In the distance, engines whistled, early trains departed.
Melkior greeted the morning from his window. “Good morning, Morning! Welcome! Hey, I’m alive!” But this was only a moment of welcome. “Aah, I’m alive … so what?” and he was again gripped by a dull and despairing dread, feeling a strange and repulsive anxiety all over his body.
The landlady was up. He could hear her tottering and tramping in the dawn’s half-light, still woozy from sleep. She purposely banged an elbow on his door and muttered, “Up and moving all night …”
Melkior felt the cold metal of the knife in his hand and gave a shiver of strange revulsion. He stepped quickly out onto the landing and went into the landlady’s flat. He found her in front of the bathroom door, tousled, limp, sodden with sleep.
“Up all night again, were you?” she gathered her housecoat at her chest, concealing her un-maternal and still ambitious breasts.
“Would you please take this knife, Madam?”
Fully dressed, pale, thick blue rings around eyes. She watches him with what is almost fear.
“What’s the matter, Mr. Melkior? Why do you want me to take the knife?”
“I have bad dreams when it is near me.”
“Ah, I dream of those damned knives myself. Snakes, too.” But she took the knife with a kind of passion. Melkior noticed it.
“Why don’t you remarry, Madam? It’s not too late for you at all.”
“What about you? Why don’t you get married?” she retorted with fresh matutinal coquetry.
On his way back to his room Melkior thought of Viviana. Of Enka, too, in passing. Her knife. She does not have knives stuck into her belly in her sleep like the poor landlady. Her dreams are like a cat’s—nocturnal mouse-hunting.
A bird piped up in a park near by: chee-chee-caw … chee-chee-caw …

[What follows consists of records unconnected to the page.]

(* The limit is the supremum of the levels [r] exceeded on a [U]-large set. *)
Lemma ulim_to_exists a : (forall n, 0 <= a n <= 1) -> exists L, ulim_to a L.
Proof.
  intro hb.
  set (E := fun r => U (fun n => r <= a n)).
  assert (hE0 : E 0) by (apply U_eventually; exists O; intros; apply hb).
  assert (hbd : bound E).
  { exists 1. intros r hr. destruct (uf_witness U_ultra hr) as [n hn]. specialize (hb n). lra. }
  destruct (completeness E hbd (ex_intro _ 0 hE0)) as [L [hub hlub]].
  exists L. intros eps he.
  assert (hlow : U (fun n => L - eps < a n)).
  { destruct (classic (exists r, E r /\ r > L - eps)) as [[r [hr hr']]|hn].
    - apply (uf_mono U_ultra (fun n h => Rlt_le_trans _ _ _ hr' h) hr).
    - exfalso. assert (L <= L - eps); [|lra]. apply hlub. intros r hr.
      apply Rnot_gt_le. intro. apply hn. exists r. auto. }
  assert (hup : U (fun n => a n < L + eps)).
  { destruct (uf_compl U_ultra (fun n => L + eps <= a n)) as [h|h].
    - exfalso. assert (L + eps <= L) by (apply hub; exact h). lra.
    - apply (uf_mono U_ultra (fun n hn => Rnot_le_lt _ _ hn) h). }
  eapply (uf_mono U_ultra); [|exact (uf_and U_ultra hlow hup)].
  intros n [p q]. apply Rabs_def1; lra.
Qed.

Definition ulim (a : nat -> R) : R :=
  match excluded_middle_informative (exists L, ulim_to a L) with
  | left h => proj1_sig (constructive_indefinite_description _ h)
  | right _ => 0
  end.
(* Each of $\mathtt{CA}$, $\mathtt{SUR}$ and $\mathtt{REV}$, with the topology induced by the metric $\delta$, is a perfect space, i.e. has no isolated points.
   Context: $\Sigma$ is a finite alphabet with $|\Sigma|\ge2$, $N(r)=[-r,r]$. A cellular automaton (CA) is a map $c:\Sigma^\mathbb{Z}\to\Sigma^\mathbb{Z}$ of the form $c(x)_i=F(x_{[i-r,i+r]})$ for a local function $F:\Sigma^{N(r)}\to\Sigma$. $\mathtt{CA}$ is the set of all CA, $\mathtt{SUR}$ the surjective and $\mathtt{REV}$ the injective ones. For $c,d\in\mathtt{CA}$ with common radius $r$, $D^c_d$ is the set of $w\in\Sigma^{N(r)}$ on which the local rules of $c$ and $d$ give different outputs, and $\delta(c,d)=|D^c_d|/|\Sigma|^{2r+1}$ (independent of $r$). *)

From Stdlib Require Import ClassicalEpsilon.
From HB Require Import structures.
From mathcomp Require Import all_boot all_order all_algebra.
Set Implicit Arguments. Unset Strict Implicit. Unset Printing Implicit Defensive.
Import Order.TTheory GRing.Theory Num.Theory.

(* Configurations over the alphabet S : finType are maps int -> S (S^Z).
   A word on the neighbourhood N(r) = [-r, r] is a finite function on
   'I_(2r+1); index k stands for position k - r. *)
Definition config (S : finType) := int -> S.
Definition word (S : finType) (r : nat) := {ffun 'I_(r.*2.+1) -> S}.

Definition window (S : finType) (r : nat) (x : config S) (i : int) : word S r :=
  [ffun k : 'I_(r.*2.+1) => x (i - Posz r + Posz (k : nat))%R].
(* Let $I\subseteq[m-1]$ and $J\subseteq[n-1]$. Then $\mathbf m(\kappa_I(\nu),\kappa_J(\nu))=\sum_{K\subseteq[m+n-1]}d_K\,\kappa_K(\nu)$, where $$d_K=\sum_{\substack{A\subseteq[m+n],\ |A|=n:\\ (I\#_AJ)\cap c(A)=\emptyset\\ I\#_AJ\subseteq K\subseteq(I\#_AJ)\cup c(A)}}\left(\frac{1}{1-\nu}\right)^{|K\cap c_2(A)|}.$$
   Context: Fix an integer $\nu>1$ and nonnegative integers $m,n$; $C_\nu$ is the additive cyclic group of order $\nu$. $[a,b]=\{t\in\mathbb Z:a\le t\le b\}$ (empty if $a>b$), $[n]=[1,n]$. $Q_S(\nu)=\bigoplus_{s\in S}C_\nu$; $Q_n(\nu)=Q_{[n-1]}(\nu)$. For $K\subseteq[N-1]$, $\kappa_K(\nu)$ is the function on $Q_N(\nu)$ equal to $1$ at $\mathbf g$ if $\{i:g_i\neq0\}=K$ and $0$ otherwise (superclass identifier). $\psi_\nu(0)=1$, $\psi_\nu(g)=-1/(\nu-1)$ for $g\ne0$. Connectivity: for $A\subseteq[N]$, $\mathrm{conn}(A)$ = maximal subsets of consecutive integers of $A$; $A^c=[N]\setminus A$; $c_1(A)=\{\max B:B\in\mathrm{conn}(A)\}\setminus\{N\}$, $c_2(A)=\{\max B:B\in\mathrm{conn}(A^c)\}\setminus\{N\}$, $c(A)=c_1(A)\cup c_2(A)$; here $N=m+n$. For $A\subseteq[m+n]$ with $|A|=n$, write $A=\{b_1<\dots<b_n\}$, $[m+n]\setminus A=\{a_1<\dots<a_m\}$; $I\#_AJ=\{a_i:i\in I\}\cup\{b_j:j\in J\}$. Product: for functions $\phi$ on $Q_m(\nu)$, $\psi$ on $Q_n(\nu)$: if $m=0$ or $n=0$, $\mathbf m_A(\phi,\psi)=\phi\psi$; otherwise $\mathbf m_A(\phi,\psi)(\mathbf g)=\prod_{i\in c_2(A)}\psi_\nu(g_i)\cdot s_A(\phi,\psi)(\mathbf g')$ for $\mathbf g\in Q_{m+n}(\nu)$, with $s_A(\phi,\psi)(\mathbf h)=\phi(h_{a_1},\dots,h_{a_{m-1}})\psi_\nu(h_{a_m})\psi(h_{b_1},\dots,h_{b_{n-1}})\psi_\nu(h_{b_n})$ on $Q_{[m+n]}(\nu)$ and $\mathbf g'$ equal to $\mathbf g$ on $[m+n-1]\setminus c(A)$ and $0$ on $c(A)\cup\{m+n\}$. $\mathbf m=\sum_A\mathbf m_A$ over all $n$-subsets $A$ of $[m+n]$. *)

From HB Require Import structures.
From mathcomp Require Import all_boot all_order all_algebra.
Set Implicit Arguments. Unset Strict Implicit. Unset Printing Implicit Defensive.
Import Order.TTheory GRing.Theory Num.Theory.
Local Open Scope ring_scope.

(* Q_N(nu) = (+)_{s in [N-1]} C_nu.  Coordinate s (1 <= s <= N-1) of g is
   g (s-1), i.e. the ordinal i : 'I_(N.-1) stands for the integer i+1.
   C_nu is 'Z_nu (we always assume 1 < nu). *)
Definition Q (nu N : nat) := {ffun 'I_(N.-1) -> 'Z_nu}.

(* A subset K of [N-1] is a {set 'I_(N.-1)} with the same shift convention. *)

Definition kappa (R : numFieldType) (nu N : nat) (K : {set 'I_(N.-1)}) (g : Q nu N) : R :=
  if [set i | g i != 0] == K then 1 else 0.

Definition psinu (R : numFieldType) (nu : nat) (x : 'Z_nu) : R :=
  if x == 0 then 1 else - (nu.-1%:R)^-1.

(* coordinate g_k of g in Q_N, for k a positive integer (0 outside [1,N-1]) *)
Definition coord (nu N : nat) (g : Q nu N) (k : nat) : 'Z_nu :=
  if k is k'.+1 then
    (if (insub k' : option 'I_(N.-1)) is Some i then g i else 0)
  else 0.

(* Subsets A of [N] are {set 'I_N}, ordinal i standing for the integer i+1.
   Integer membership: *)
Definition inS (N : nat) (A : {set 'I_N}) (k : nat) : bool :=
  [exists i in A, ((val i).+1 == k)%N].

(* c_1(A) = { max B : B in conn(A) } \ {N}: k is the maximum of a maximal run
   of consecutive integers of A iff k in A and k+1 notin A. *)
Definition c1 (N : nat) (A : {set 'I_N}) (k : nat) : bool :=
  [&& inS A k, ~~ inS A k.+1 & k != N].

(* c_2(A) = { max B : B in conn([N] \ A) } \ {N}:
   k in [N] \ A and k+1 notin [N] \ A, k <> N. *)
Definition c2 (N : nat) (A : {set 'I_N}) (k : nat) : bool :=
  [&& (1 <= k <= N)%N, ~~ inS A k, ~~ ((1 <= k.+1 <= N)%N && ~~ inS A k.+1) & k != N].

Definition cA (N : nat) (A : {set 'I_N}) (k : nat) : bool := c1 A k || c2 A k.

(* A = {b_1 < ... < b_n},  [N] \ A = {a_1 < ... < a_m} *)
Definition bseq (N : nat) (A : {set 'I_N}) : seq nat :=
  sort leq [seq (val i).+1 | i <- enum A].
Definition aseq (N : nat) (A : {set 'I_N}) : seq nat :=
  sort leq [seq (val i).+1 | i <- enum (~: A)].
Definition bA (N : nat) (A : {set 'I_N}) (j : nat) : nat := nth 0%N (bseq A) j.-1.
Definition aA (N : nat) (A : {set 'I_N}) (i : nat) : nat := nth 0%N (aseq A) i.-1.

Definition sharp (m n : nat) (I : {set 'I_(m.-1)}) (J : {set 'I_(n.-1)})
  (A : {set 'I_(m + n)}) (k : nat) : bool :=
  [exists i in I, aA A (val i).+1 == k] || [exists j in J, bA A (val j).+1 == k].

Definition sA (R : numFieldType) (nu m n : nat) (A : {set 'I_(m + n)})
  (phi : Q nu m -> R) (psi : Q nu n -> R) (h : nat -> 'Z_nu) : R :=
  phi [ffun i : 'I_(m.-1) => h (aA A (val i).+1)] * psinu R (h (aA A m)) *
  psi [ffun j : 'I_(n.-1) => h (bA A (val j).+1)] * psinu R (h (bA A n)).

(* m_A(phi,psi).  When m = 0 or n = 0 there is a single A, and
   phi psi is encoded via the canonical identification Q_{m+n} = Q_m (+) Q_n
   (one factor being trivial): g |-> (g_{a_i})_i, (g_{b_j})_j. *)
Definition mA (R : numFieldType) (nu m n : nat) (A : {set 'I_(m + n)})
  (phi : Q nu m -> R) (psi : Q nu n -> R) (g : Q nu (m + n)) : R :=
  if (m == 0)%N || (n == 0)%N then
    phi [ffun i : 'I_(m.-1) => coord g (aA A (val i).+1)] *
    psi [ffun j : 'I_(n.-1) => coord g (bA A (val j).+1)]
  else
    (\prod_(1 <= k < m + n | c2 A k) psinu R (coord g k)) *
    sA A phi psi (fun k => if cA A k || (k == m + n)%N then 0 else coord g k).

Definition mprod (R : numFieldType) (nu m n : nat)
  (phi : Q nu m -> R) (psi : Q nu n -> R) (g : Q nu (m + n)) : R :=
  \sum_(A : {set 'I_(m + n)} | #|A| == n) mA A phi psi g.

Definition dK (R : numFieldType) (nu m n : nat) (I : {set 'I_(m.-1)}) (J : {set 'I_(n.-1)})
  (K : {set 'I_((m + n).-1)}) : R :=
  \sum_(A : {set 'I_(m + n)} |
          [&& #|A| == n,
              [forall k : 'I_(m + n).+2, ~~ (sharp I J A k && cA A k)],
              [forall k : 'I_(m + n).+2, sharp I J A k ==> inS K k] &
              [forall k : 'I_(m + n).+2, inS K k ==> (sharp I J A k || cA A k)]])
    ((1 - nu%:R)^-1) ^+ #|[set i in K | c2 A (val i).+1]|.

“Chi-chi-kov … Chi-chi-kov …” replied Melkior with literary sarcasm. “Dead Souls. And so to bed, with our own soul dead”—this he was barely able to say as he toppled on the bed, dead with exhaustion and lack of sleep.
“They have these bi
nges night after night. He’s clearly drunk. He didn’t even take off his clothes.”
“Never mind, don’t wake him. We’ll just leave my things and go.”
He heard the voices above, but couldn’t open his eyes. A tremendous fatigue sat heavy on his eyelids and kept his consciousness in a state of listless floating on the surface of a very shallow sleep. From time to time he felt contact with wakefulness underneath, as if his sleep were bobbing in a shallow and scraping the bottom. He made out “he’s drunk”—that was Pupo speaking; “never mind” was someone else, a stranger. But he thought he was dreaming, so he let himself sink into his stupor like a drunkard, using the voices to put together a small sketch:
“Binges for flowers, thank you, thank you,” says the old lady pianist over his bed. Pupo tries to drag her away, “He didn’t even take his clothes off”; she struggles with him, “Never mind, don’t wake him.” But there is a third person here, someone invisible, important, “We’ll just leave my things and go.” And everyone leaves.
Melkior was suddenly frightened at the prospect of being left; he jumped to his feet: “Wait! No, wait! Right away … I’ll get undressed right away.” … But his eyes were still closed. “He’s dreaming,” said a strange voice. But Melkior was awake already, it was just that his eyes were still glued shut by thick, greasy sleep.
Nevertheless he padded with extraordinary certainty over to the glass carafe with water in it, poured some into his cupped palm, and splashed his eyes. Yes, there were Pupo and a stranger, standing next to his bed, beaming at him.
“I’m so sorry, I’ve … I didn’t sleep all night.” He was making excuses to the stranger. “His kind are early risers,” he thought.